Probably not at this point. What is your SG now?

If there the SG is fairly low, say <1.020, there is not much more for the yeast to consume. Your choices now to rid yourself of the H2S smell are to (1) splash rack and/or aerate (as you have been doing), or (2) add Reduless (http://morewinemaking.com/products/reduless.html) which binds the H2S.


----------



## Arne (Jun 23, 2015)

Probably a little late for the extra nutrient. Soon as it gets done fermenting I would get it off the lees and like Paul says, splash rack it, and if that doesn't get rid of it try the reduless or give it a stir with some clean copper. Arne.


----------



## fabrictodyefor (Jun 23, 2015)

If you go to Danger Daves Dragon's Blood thread it will give you all kinds of ideas of "faster" wines. I've done several and they are ready in about 6 weeks, but could be ready sooner!


----------



## winegary (Jun 23, 2015)

I have made Mulberry two times and both times had this same problem. I made juice from the berries both times and used lavlin yeast. On the second one I step fed the yeast with the same problem.
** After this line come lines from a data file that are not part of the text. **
(* Let $f\in H^1(\mathbb S)$ and $\overline\omega\in\widehat L_2(\mathbb S)$. For $(x,y)\in\mathbb R^2\setminus\{(x,f(x)):x\in\mathbb R\}$ let $$V^1(x,y):=-\frac1{4\pi}\int_{-\pi}^{\pi}\overline\omega(s)\frac{\tanh((y-f(s))/2)\,[1+\tan^2((x-s)/2)]}{\tan^2((x-s)/2)+\tanh^2((y-f(s))/2)}\,ds,$$ $$V^2(x,y):=\frac1{4\pi}\int_{-\pi}^{\pi}\overline\omega(s)\frac{\tan((x-s)/2)\,[1-\tanh^2((y-f(s))/2)]}{\tan^2((x-s)/2)+\tanh^2((y-f(s))/2)}\,ds,$$ set $V:=(V^1,V^2)$, $\Omega_\pm:=\{(x,y)\in\mathbb R^2:\pm(f(x)-y)<0\}$ and $V_\pm:=V|_{\Omega_\pm}$. Then there exists a constant $C=C(\|f\|_\infty)>0$ such that $$|V_\pm(x,y)|\le C\|\overline\omega\|_1e^{-|y|/2}$$ for all $(x,y)\in\Omega_\pm$ with $|y|\ge 1+2\|f\|_\infty$.
   Context: $\mathbb S:=\mathbb R/2\pi\mathbb Z$; functions on $\mathbb S$ are $2\pi$-periodic functions on $\mathbb R$. $H^1(\mathbb S)$ is the periodic Sobolev space, $\widehat L_2(\mathbb S):=\{h\in L_2(\mathbb S):\int_{-\pi}^{\pi}h\,dx=0\}$, and $\|\overline\omega\|_1:=\int_{-\pi}^{\pi}|\overline\omega|\,dx$. *)

From mathcomp Require Import all_boot all_order all_algebra.
From mathcomp Require Import all_classical all_reals all_analysis.
Set Implicit Arguments. Unset Strict Implicit. Unset Printing Implicit Defensive.
Import Order.TTheory GRing.Theory Num.Theory.
Local Open Scope classical_set_scope.
Local Open Scope ring_scope.
Lemma Rk_braid N j : (0 < j)%N ->
  opmul (Rk Rm N j) (opmul (Rk Rm N j.+1) (Rk Rm N j)) =
  opmul (Rk Rm N j.+1) (opmul (Rk Rm N j) (Rk Rm N j.+1)).
Proof.
move=> j0; case: (ltnP j.+1 N) => [jN|Nj]; last by rewrite (Rk_out Nj) !op0mul opmul0.
case: N jN => // N jN; pose g (t : 'I_3) : 'I_N.+1 := inord (j.-1 + t).
have gE t : val (g t) = (j.-1 + t)%N by rewrite /g /= inordK //; have := ltn_ord t; lia.
have g_inj : injective g by move=> t s /(congr1 val); rewrite !gE => /addnI /val_inj.
by have [-> ->] := Rk_embed3 g_inj j0 gE; rewrite -!embed_op_mul // braid3.
Qed.

Lemma Rk_comm N a b : (0 < a)%N -> (a.+1 < b)%N ->
  opmul (Rk Rm N a) (Rk Rm N b) = opmul (Rk Rm N b) (Rk Rm N a).
Proof.
move=> a0 ab; case: (ltnP b N) => [bN|Nb]; last by rewrite (Rk_out Nb) op0mul opmul0.
case: N bN => // N bN; have valE x : (x < N.+1)%N -> val (inord x : 'I_N.+1) = x.
  by move=> xN; rewrite /= inordK.
rewrite !(Rk_embed (valE _ _) (valE _ _)); try lia.
apply: embed_op_comm; try apply: pair_ord_inj; rewrite -?(inj_eq val_inj) ?valE; try lia.
move=> t s; rewrite -(inj_eq val_inj) /pair_ord.
by case: (_ == 0%N); case: (_ == 0%N); rewrite !valE; lia.
Qed.

Definition word_op N (w : seq nat) : op N := \big[@opmul R n N/op1]_(j <- w) Rk Rm N j.
Arguments word_op : clear implicits.

Lemma word_op_cat N u v : word_op N (u ++ v) = opmul (word_op N u) (word_op N v).
Proof. exact: big_cat. Qed.

Lemma word_op_braid_eq N u v : braid_eq u v -> word_op N u = word_op N v.
Proof.
elim=> {u v} [w|u v _ ->|u v w _ -> _ ->|u u' v v' _ Hu _ Hv|j j0|a b a0 ab] //.
- by rewrite !word_op_cat Hu Hv.
- by rewrite /word_op !big_cons !big_nil !opmul1 Rk_braid.
- by rewrite /word_op !big_cons !big_nil !opmul1 Rk_comm.
Qed.

Lemma Rk_lift m j : (j < m)%N -> Rk Rm m.+1 j = lift_op (Rk Rm m j).
Proof.
case: m => // m jm; have valE x : (x < m.+1)%N -> val (inord x : 'I_m.+1) = x.
  by move=> xm; rewrite /= inordK.
rewrite /lift_op (Rk_embed (valE _ _) (valE _ _)); try lia.
by rewrite embed_op_comp ?comp_pair_ord; [apply: Rk_embed; rewrite /= valE //; lia|apply: wid_inj].
Qed.

Lemma word_op_lift m w : all (is_gen m) w -> word_op m.+1 w = lift_op (word_op m w).
Proof.
elim: w => [|j w IH] /=; first by rewrite /word_op !big_nil lift_op1.
by case/andP=> /andP[_ jm] /IH; rewrite /word_op !big_cons => ->; rewrite Rk_lift // lift_op_mul.
Qed.

End Braiding.

Lemma lift_max m (c : 'I_m) : lift ord_max c = wid c.
Proof. by apply: val_inj; rewrite /= /bump leqNgt ltn_ord. Qed.

Lemma ord_maxP m (c : 'I_m.+1) : c = ord_max \/ exists c', c = wid c'.
Proof.
by case: (unliftP ord_max c) => [c' ->|->]; [right; exists c'; rewrite lift_max | left].
Qed.

Lemma wid_neq_max m (c : 'I_m) : wid c != ord_max.
Proof. by rewrite -(inj_eq val_inj) /= neq_ltn ltn_ord. Qed.

Lemma ins_max_wid m (i : idx m) l t : ins ord_max i l (wid t) = i t.
Proof.
by rewrite ffunE -lift_max liftK.
Qed.

Lemma ins_max_max m (i : idx m) l : ins ord_max i l ord_max = l.
Proof. by rewrite ffunE unlift_none. Qed.

Lemma off_image_wid m (c : 'I_m.+1) : off_image wid c = (c == ord_max).
Proof.
apply/forallP/eqP => [off_c|-> t]; last exact: wid_neq_max.
by case: (ord_maxP c) => [//|[c' c_c']]; have := off_c c'; rewrite c_c' eqxx.
Qed.

Lemma proj_ins_max m (i : idx m) l : proj_idx wid (ins ord_max i l) = i.
Proof. by apply/ffunP => t; rewrite ffunE ins_max_wid. Qed.

Lemma merge_ins_max m (i : idx m) l l' : merge_idx wid (ins ord_max i l) l' = ins ord_max l' l.
Proof.
apply/ffunP => c; case: (ord_maxP c) => [->|[c' ->]].
  by rewrite merge_idx_out ?off_image_wid // !ins_max_max.
by rewrite merge_idx_in ?ins_max_wid //; apply: wid_inj.
Qed.

Lemma ptr_lift_opl m (X : op m) (Z : op m.+1) :
  ptr ord_max (opmul (lift_op X) Z) = opmul X (ptr ord_max Z).
Proof.
apply: opP => i j; rewrite /ptr /opmul /lift_op /embed_op.
under eq_bigr => l _.
  under eq_bigr => k _ do rewrite proj_ins_max [X _ _ * _]mulrC -mulrA.
  rewrite (sum_agree_off (@wid_inj m)).
  under eq_bigr => l' _ do rewrite (proj_merge_idx (@wid_inj m)) merge_ins_max.
  over.
by rewrite exchange_big; apply: eq_bigr => l' _; rewrite big_distrr.
Qed.

Lemma ptr_lift_opr m (X : op m) (Z : op m.+1) :
  ptr ord_max (opmul Z (lift_op X)) = opmul (ptr ord_max Z) X.
Proof.
apply: opP => i j; rewrite /ptr /opmul /lift_op /embed_op.
under eq_bigr => l _.
  under eq_bigr => k _ do rewrite proj_ins_max agree_offC mulrA [_ * _%:R]mulrC.
  rewrite (sum_agree_off (@wid_inj m)).
  under eq_bigr => l' _ do rewrite (proj_merge_idx (@wid_inj m)) merge_ins_max.
  over.
by rewrite exchange_big; apply: eq_bigr => l' _; rewrite big_distrl.
Qed.

Lemma embed1_max_lift_comm m (D : op 1) (X : op m) :
  opmul (embed1 D ord_max) (lift_op X) = opmul (lift_op X) (embed1 D ord_max).
Proof.
rewrite embed1E /lift_op; apply: embed_op_comm; last 2 first.
- exact: wid_inj.
- by move=> t s; rewrite eq_sym wid_neq_max.
by move=> t s _; rewrite (ord1 t) (ord1 s).
Qed.

Lemma sum_idx1 (F : idx 1 -> C) : \sum_(l : idx 1) F l = \sum_(a : 'I_n) F [ffun=> a].
Proof.
rewrite (reindex (fun a : 'I_n => [ffun=> a] : idx 1)) //.
exists (fun l : idx 1 => l ord0) => [a _|l _]; first by rewrite ffunE.
by apply/ffunP => t; rewrite ffunE (ord1 t).
Qed.

Section LastFactor.
Variable m : nat.
Let last : 'I_1 -> 'I_m.+1 := fun=> ord_max.

Lemma last_inj : injective last.
Proof. by move=> t s _; rewrite (ord1 t) (ord1 s). Qed.

Lemma merge_last_ins (i : idx m) l (l' : idx 1) :
  merge_idx last (ins ord_max i l) l' = ins ord_max i (l' ord0).
Proof.
apply/ffunP => c; case: (ord_maxP c) => [->|[c' ->]].
  by rewrite ins_max_max (merge_idx_in last_inj _ _ ord0).
by rewrite merge_idx_out ?ins_max_wid //; apply/forallP => t; rewrite eq_sym wid_neq_max.
Qed.

Lemma rtr_last_coord (D : op 1) (Y : op m.+1) i j :
  rtr_last D m Y i j =
  \sum_(l : 'I_n) \sum_(a : 'I_n) D [ffun=> l] [ffun=> a] * Y (ins ord_max i a) (ins ord_max j l).
Proof.
rewrite /rtr_last /ptr /opmul embed1E; apply: eq_bigr => l _.
have proj_last : proj_idx last (ins ord_max i l) = [ffun=> l].
  by apply/ffunP => t; rewrite ffunE [RHS]ffunE /last ins_max_max.
under eq_bigr do rewrite /embed_op proj_last [D _ _ * _]mulrC -mulrA.
rewrite (sum_agree_off last_inj) sum_idx1; apply: eq_bigr => a _.
by rewrite (proj_merge_idx last_inj) merge_last_ins ffunE.
Qed.

Lemma off_image_last c : off_image last c = (ord_max != c).
Proof. by apply/forallP/idP => [/(_ ord0)|? t]. Qed.

Lemma proj_pair_ins (i : idx m.+1) a :
  proj_idx (pair_ord (wid ord_max) ord_max) (ins ord_max i a) = ins ord_max (proj_idx last i) a.
Proof.
apply/ffunP => t; rewrite ffunE /pair_ord; case: (ord_maxP t) => [->|[t' ->]] /=.
  by rewrite !ins_max_max.
by rewrite (ord1 t') !ins_max_wid ffunE.
Qed.

Lemma agree_pair_ins (i j : idx m.+1) a l :
  agree_off (pair_ord (wid ord_max) ord_max) (ins ord_max i a) (ins ord_max j l) =
  agree_off last i j.
Proof.
apply/forallP/forallP => ij c; apply/implyP.
  rewrite off_image_last => c_max; have := ij (wid c).
  by rewrite off_image_pair !ins_max_wid (inj_eq (@wid_inj _)) c_max eq_sym wid_neq_max.
rewrite off_image_pair; case: (ord_maxP c) => [->|[c' ->]]; first by rewrite eqxx andbF.
rewrite !ins_max_wid (inj_eq (@wid_inj _)) => /andP[c_max _].
by have := ij c'; rewrite off_image_last c_max.
Qed.

End LastFactor.

Lemma rtr_last_Rk_last m (D : op 1) (Rm : op 2) : (0 < m)%N ->
  rtr_last D 1 Rm = op1 -> rtr_last D m (Rk Rm m.+1 m) = op1.
Proof.
case: m => // m _ DR1; rewrite (@Rk_embed _ _ _ (wid ord_max) ord_max) //.
apply: opP => i j; rewrite rtr_last_coord.
under eq_bigr => l _ do under eq_bigr => a _ do
  rewrite /embed_op !proj_pair_ins agree_pair_ins mulrA.
under eq_bigr => l _ do rewrite -big_distrl.
by rewrite -big_distrl -rtr_last_coord DR1 /op1 /= -natrb_and agree_off_proj //; apply: last_inj.
Qed.

Lemma rtr_last_sandwich m (D : op 1) (Rm : op 2) (X Y : op m) : (0 < m)%N ->
    rtr_last D 1 Rm = op1 ->
  rtr_last D m (opmul (lift_op X) (opmul (Rk Rm m.+1 m) (lift_op Y))) = opmul X Y.
Proof.
move=> m0 DR1; rewrite /rtr_last opmulA embed1_max_lift_comm -opmulA ptr_lift_opl.
by rewrite opmulA ptr_lift_opr -/(rtr_last D m _) rtr_last_Rk_last // op1mul.
Qed.

Section SkewInverse.
Variables Rm Psi : op 2.

Definition idx2 (x y : 'I_n) : idx 2 := [ffun t : 'I_2 => if val t == 0%N then x else y].
Definition idx3 (x y z : 'I_n) : idx 3 :=
  [ffun t : 'I_3 => if val t == 0%N then x else if val t == 1%N then y else z].

Lemma ins_idx1 (u : idx 1) t : ins ord_max u t = idx2 (u ord0) t.
Proof.
apply/ffunP => c; rewrite !ffunE; case: unliftP => [c' ->|->] //=.
by rewrite (ord1 c').
Qed.

Lemma ins_idx2 x y z : ins o13 (idx2 x z) y = idx3 x y z.
Proof.
apply/ffunP => c; rewrite !ffunE; case: unliftP => [c' ->|->] //=.
by case: c' => -[|[|c']] c'2 //=; rewrite ffunE.
Qed.

Lemma sum_idx2 (F : idx 2 -> C) :
  \sum_(l : idx 2) F l = \sum_(x : 'I_n) \sum_(y : 'I_n) F (idx2 x y).
Proof.
rewrite pair_big /= (reindex (fun p : 'I_n * 'I_n => idx2 p.1 p.2)) //.
exists (fun l : idx 2 => (l ord0, l o01)) => [[x y] _|l _]; first by rewrite !ffunE.
by apply/ffunP => -[[|[|t]] t2] //; rewrite !ffunE //=; congr (l _); apply: val_inj.
Qed.

Local Notation p01 := (pair_ord (ord0 : 'I_3) o13).
Local Notation p12 := (pair_ord o13 (ord_max : 'I_3)).

Lemma proj01_idx3 x y z : proj_idx p01 (idx3 x y z) = idx2 x y.
Proof. by apply/ffunP => -[[|[|t]] t2]; rewrite !ffunE. Qed.

Lemma proj12_idx3 x y z : proj_idx p12 (idx3 x y z) = idx2 y z.
Proof. by apply/ffunP => -[[|[|t]] t2]; rewrite !ffunE. Qed.

Lemma p01_inj : injective p01. Proof. exact: pair_ord_inj. Qed.

Lemma merge01_idx3 x y z a b : merge_idx p01 (idx3 x y z) (idx2 a b) = idx3 a b z.
Proof.
apply/ffunP => -[[|[|[|t]]] t3] //.
- by rewrite (_ : Ordinal t3 = p01 ord0) ?(merge_idx_in p01_inj) ?ffunE //; apply: val_inj.
- by rewrite (_ : Ordinal t3 = p01 o01) ?(merge_idx_in p01_inj) ?ffunE //; apply: val_inj.
by rewrite merge_idx_out ?off_image_pair ?ffunE.
Qed.

Lemma agree12_idx3 x y z x' y' z' : agree_off p12 (idx3 x y z) (idx3 x' y' z') = (x == x').
Proof.
apply/forallP/idP => [/(_ ord0)|xx' t]; first by rewrite off_image_pair !ffunE.
by rewrite off_image_pair; case: t => -[|[|[|t]]] t3 //=; rewrite !ffunE.
Qed.
(* Let $0<\varepsilon<1/5$ and let $G$ be a bipartite graph on $n$ vertices with partition classes $V_1,V_2$ of equal size, such that $G$ has minimum degree at least $(1-\varepsilon)n/2$. If the edges of $G$ are coloured red and blue and this colouring is not a split colouring, then there are two vertex-disjoint connected matchings of distinct colours (one red, one blue) that together cover all but at most $4\varepsilon n$ vertices of $G$.
   Context: The edge colouring is an arbitrary red/blue assignment. For a bipartite graph with partition classes $U,V$, a red/blue edge colouring is a split colouring if there are partitions $U=A\cup B$ and $V=C\cup D$ (some of these sets may be empty) such that all edges of the graph between $A$ and $C$ and between $B$ and $D$ are blue, and all edges of the graph between $A$ and $D$ and between $B$ and $C$ are red. A monochromatic matching is called connected if all its edges lie in a single connected component of the subgraph formed by the edges of that colour. Matchings may be empty. *)

From HB Require Import structures.
From mathcomp Require Import all_boot all_order all_algebra.
Set Implicit Arguments. Unset Strict Implicit. Unset Printing Implicit Defensive.
Import Order.TTheory GRing.Theory Num.Theory.

(* A red/blue edge colouring is a function
   col : U -> V -> bool ("true" = red, "false" = blue), only relevant on
   edges.  Vertices of the whole graph are elements of U + V; edges of the
   graph are pairs (u, v) : U * V with adj u v. *)

Section Bip.
Variables (U V : finType) (adj col : U -> V -> bool).

Definition degU (u : U) : nat := #|[set v | adj u v]|.
Definition degV (v : V) : nat := #|[set u | adj u v]|.

Definition colrel (c : bool) : rel (U + V) :=
  fun x y => match x, y with
             | inl u, inr v => adj u v && (col u v == c)
             | inr v, inl u => adj u v && (col u v == c)
             | _, _ => false
             end.

(* split colouring: partitions U = A ∪ B, V = C ∪ D with B = ~: A, D = ~: C *)
Definition split_colouring : Prop :=
  exists (A : {set U}) (C : {set V}),
    forall u v, adj u v ->
      [/\ (u \in A) -> (v \in C) -> col u v = false,
          (u \notin A) -> (v \notin C) -> col u v = false,
          (u \in A) -> (v \notin C) -> col u v = true &
          (u \notin A) -> (v \in C) -> col u v = true].

Definition is_matching (M : {set U * V}) : Prop :=
  (forall e, e \in M -> adj e.1 e.2) /\
  (forall e f, e \in M -> f \in M -> (e.1 = f.1 \/ e.2 = f.2) -> e = f).

Definition connected_matching (c : bool) (M : {set U * V}) : Prop :=
  is_matching M /\
  (forall e, e \in M -> col e.1 e.2 = c) /\
  (forall e f, e \in M -> f \in M -> connect (colrel c) (inl e.1) (inl f.1)).

Definition covered (M : {set U * V}) : {set U + V} :=
  [set x | [exists e in M, (x == inl e.1) || (x == inr e.2)]].

End Bip.

From HB Require Import structures.
From mathcomp Require Import all_boot all_order all_algebra.
Import Order.TTheory GRing.Theory Num.Theory.
From mathcomp Require Import zify lra.
Set Implicit Arguments. Unset Strict Implicit. Unset Printing Implicit Defensive.

(* Choose one monochromatic component for each colour and keep only the edges
   lying in the chosen component of their own colour.  A maximum matching [M]
   of this subgraph splits into a red and a blue connected matching with
   disjoint vertex sets, leaving [2 (k - #|M|)] vertices uncovered, so it
   suffices to choose the components with [k - #|M| <= 4 f], where every degree
   is at least [k - f] and [f <= eps k].

   Everything rests on the fact that two unmatched vertices [x], [y] of a
   maximum matching satisfy [deg x + deg y <= #|M|].  If the colouring is not
   split, some edge [u v] has [v] in both the red and the blue component of [u]:
   otherwise every 4-cycle has an even number of red edges, and since any
   three vertices of [U] have a common neighbour the colouring is split.
   Rooting both components at [u], all but [f] vertices on each side lie in one
   of them.  If on one side few vertices lie in only one component, an
   unmatched vertex lying in both keeps its full degree and bounds the deficit.
   Otherwise one component misses at most [2 f] vertices on each side; paired
   with a largest component of the other colour it again gives a small
   deficit: otherwise the other-colour component through a suitable edge
   between unmatched vertices would have more than [k] vertices while being
   disjoint from the largest one. *)

Lemma exists_inI (T : finType) (A B : {set T}) :
  #|T| < #|A| + #|B| -> exists2 x, x \in A & x \in B.
Proof.
move=> lt_T; have : 0 < #|A :&: B| by have := cardsUI A B; have := max_card (A :|: B); lia.
by case/card_gt0P=> x /setIP[]; exists x.
Qed.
I transferred off the lees a little early 1.020 or so. Then stirred with a piece of new copper water pipe 1 or 2 times a day. after stirring 5 or 6 times it was fine and finished normally. 

Ok now for my question. Would yeast nutrient have a benefit if it would have been added up front? If so, when would it be added?

Hope this doesn't seem like I'm high jacking but since we had different recipe and whole berry vs juice, maybe we could both benefit for the next batch.

I meant to say energizer not nutrient.


----------



## cheeselady (Jun 23, 2015)

Yay! The smell is pretty much gone! After aerating for the last day and a half I opened this evening and only got a whiff of sulfur. I went ahead and splash racked and moved it to the carboy. Sg was 0.990 so lol yeah nutrient wouldn't have done anything. I added a campden tab (dissolved in water) just in case I added any extra buggies when I was messing with it. I couldn't help my self a reserved a tiny bit to taste.........
It reminded me of a red with an aroma of mulberry but quite thin and very "raw" tasting ( gee what a surprise lol) . I'm looking forward to seeing how it develops. 

Next time ill ferment in the basement where it is cooler and use more berries or maybe just juice - I think I added too much water.


----------



## Julie (Jun 23, 2015)

Next time, see if it will go lower than .990 before adding any campden and add some tannins, this will help with mouthfeel. Also, take a ph test to see where that is, you might need to add some acid blend.


----------



## cheeselady (Jun 23, 2015)

Julie said:


> Next time, see if it will go lower than .990 before adding any campden and add some tannins, this will help with mouthfeel. Also, take a ph test to see where that is, you might need to add some acid blend.



Ah ok, I had thought that 0.990 was pretty close to the lowest you could get with fermentation. What's the lowest SG can, in theory, go? I added acid blend at the start (1 tsp) , I'll find my pH meter and check and report back. Can tannins be added at this point or is it more something I should do next time?


----------